Floating Point Register Allocation in X86 backend

Hi Guys,

I was working on some floating point intensive benchmarks and realize that the floating point register allocation in llvm assumes that there are only 7 floating point registers in X86, whereas the hardware has 8.

Line number

00266   assert(Reg >= X86::FP0 && Reg <= X86::FP6 && "Expected FP register!"); 

of X86FloatingPoint.cpp.

Is there any reason for only counting from 0 to 6, when there are actually 8 in hardware ?

Is there an assumption somewhere else, that I am missing.

Thanks and Regards

Aparna Kotha

Graduate Student
University of Maryland, College Park


Hi Guys,

I was working on some floating point intensive benchmarks and realize that the floating point register allocation in llvm assumes that there are only 7 floating point registers in X86, whereas the hardware has 8.

Line number
00266 assert(Reg >= X86::FP0 && Reg <= X86::FP6 && "Expected FP register!");

of X86FloatingPoint.cpp.

Is there any reason for only counting from 0 to 6, when there are actually 8 in hardware ?

It has to do with the weird tricks that are needed to generate code for a stack machine.

Is there an assumption somewhere else, that I am missing.

Yes, the default cpu on Linux is i386 which doesn't have SSE support.

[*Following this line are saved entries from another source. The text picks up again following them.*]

Lemma sum_amgm_le (R : realType) (n : nat) (Rad G kappa : R) (gap A : nat -> R) :
  (0 < n)%N -> 0 < Rad -> 0 < G ->
  (forall i, (1 <= i < n.+1)%N ->
     gap i + kappa * A i <= G * (A i / (2 * Rad / n%:R) + 2 * Rad / n%:R) / 2) ->
  \sum_(1 <= i < n.+1) A i <= 4 * Rad ^+ 2 / n%:R ->
  \sum_(1 <= i < n.+1) gap i + kappa * \sum_(1 <= i < n.+1) A i <= 2 * Rad * G.
Proof.
move=> n0 R0 G0 gapA A_le.
have nR : (0 : R) < n%:R by rewrite ltr0n.
rewrite mulr_sumr -big_split /=; apply: le_trans (ler_sum_nat gapA) _.
set c := 2 * Rad / n%:R; have c0 : 0 < c by rewrite divr_gt0 ?mulr_gt0.
rewrite (eq_bigr (fun i => G / (2 * c) * A i + G * c / 2)); last first.
  by move=> i _; field; rewrite gt_eqF.
rewrite big_split /= -mulr_sumr sumr_const_nat subn1 /= -[_ *+ n]mulr_natr.
have : G / (2 * c) * \sum_(1 <= i < n.+1) A i <= G / (2 * c) * (4 * Rad ^+ 2 / n%:R).
  by rewrite ler_wpM2l // divr_ge0 ?mulr_ge0 // ltW.
have -> : G / (2 * c) * (4 * Rad ^+ 2 / n%:R) = Rad * G.
  by rewrite /c; field; rewrite !gt_eqF.
have -> : G * c / 2 * n%:R = Rad * G by rewrite /c; field; rewrite gt_eqF.
lra.
Qed.

Theorem lemma8 (R : realType) (dT : measure_display) (T : measurableType dT)
  (P : probability T R) (d : nat) (x : T -> 'cV[R]_d) (y : T -> R)
  (n : nat) (s : nat -> T)
  (Rad alpha G theta eta1 a : R) (l : R -> R)
  (wstar : 'cV[R]_d) (w : nat -> 'cV[R]_d) :
  (forall k : 'I_d, measurable_fun setT (fun t => x t k 0)) ->
  measurable_fun setT y ->
  (forall t, enorm (x t) <= 1) ->
  (forall t, -1 <= y t <= 1) ->
  (0 < n)%N ->
  0 < Rad -> 0 < alpha -> 0 < G ->
  (forall z, 0 <= l z) ->
  (forall z, derivable l z 1) ->
  convex_on_R l ->
  exp_concave_on alpha Rad l ->
  (forall z, `| derive1 l z | <= G) ->
  enorm wstar <= Rad ->
  (forall u, enorm u <= Rad -> risk P l x y wstar <= risk P l x y u) ->
  (* Assumption (II) with constant theta > 0 *)
  0 < theta ->
  (forall u, enorm u <= Rad -> forall v : 'cV[R]_d,
     theta * qform (second_moment P x) v <= qform (weighted_moment P l x y u) v) ->
  0 < eta1 -> 0 < a ->
  w 1%N = 0 ->
  (forall i : nat, (1 <= i < n)%N ->
     enorm (w i.+1) <= Rad /\
     forall u, enorm u <= Rad ->
       step_obj l x y s eta1 a (w i) i (w i.+1)
         <= step_obj l x y s eta1 a (w i) i u) ->
  (* A <= 4 R^2 / n *)
  \sum_(1 <= i < n.+1) qform (second_moment P x) (w i - wstar)
     <= 4 * Rad ^+ 2 / n%:R ->
  \sum_(1 <= i < n.+1) (risk P l x y (w i) - risk P l x y wstar)
   + theta * (2^-1 * Num.min alpha (4 * G * Rad)^-1) / 2
       * \sum_(1 <= i < n.+1) qform (second_moment P x) (w i - wstar)
   <= 2 * Rad * G.
Proof.
move=> mx my x1 y1 n0 R0 a0 G0 _ dl _ lcave lG wsR _ _ II _ _ w1 alg A_le.
have [b0 ba bGr] := half_min_inv_bounds a0 G0 R0 erefl.
have wR i : (1 <= i < n.+1)%N -> enorm (w i) <= Rad.
  case: i => [|[|j]] // /andP[_ jn].
    by rewrite w1 /enorm /dotv big1 ?sqrtr0 ?ltW // => k _; rewrite mxE mul0r.
  by case: (alg j.+1).
have c0 : 0 < 2 * Rad / n%:R by rewrite divr_gt0 ?mulr_gt0 ?ltr0n.
apply: sum_amgm_le => // i ilt.
exact: (risk_gap_le (P := P) mx x1 my y1 R0 a0 lcave dl lG b0 ba bGr c0 (wR i ilt) wsR
  (II _ (wR i ilt) _)).
Qed.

Use SSE if you care about floating point performance. I think -mcpu=... is all you need.

/jakob

Right. But there are 8 registers on the floating point stack from ST0 to ST7 and I think llvm is only using ST0 to ST6 in some code fragments. Could this be because of the assumption that X86::FP registers run from X86::FP0 to X86:FP6 ?

–Aparna

Yes. My guess it that the code converting from FP to ST registers sometimes needs the extra stack slot.

/jakob

In case we want to have an unsafe register allocator that allocated FP0 to FP6 to include FP7 as well, where in the code should we add this?

–Aparna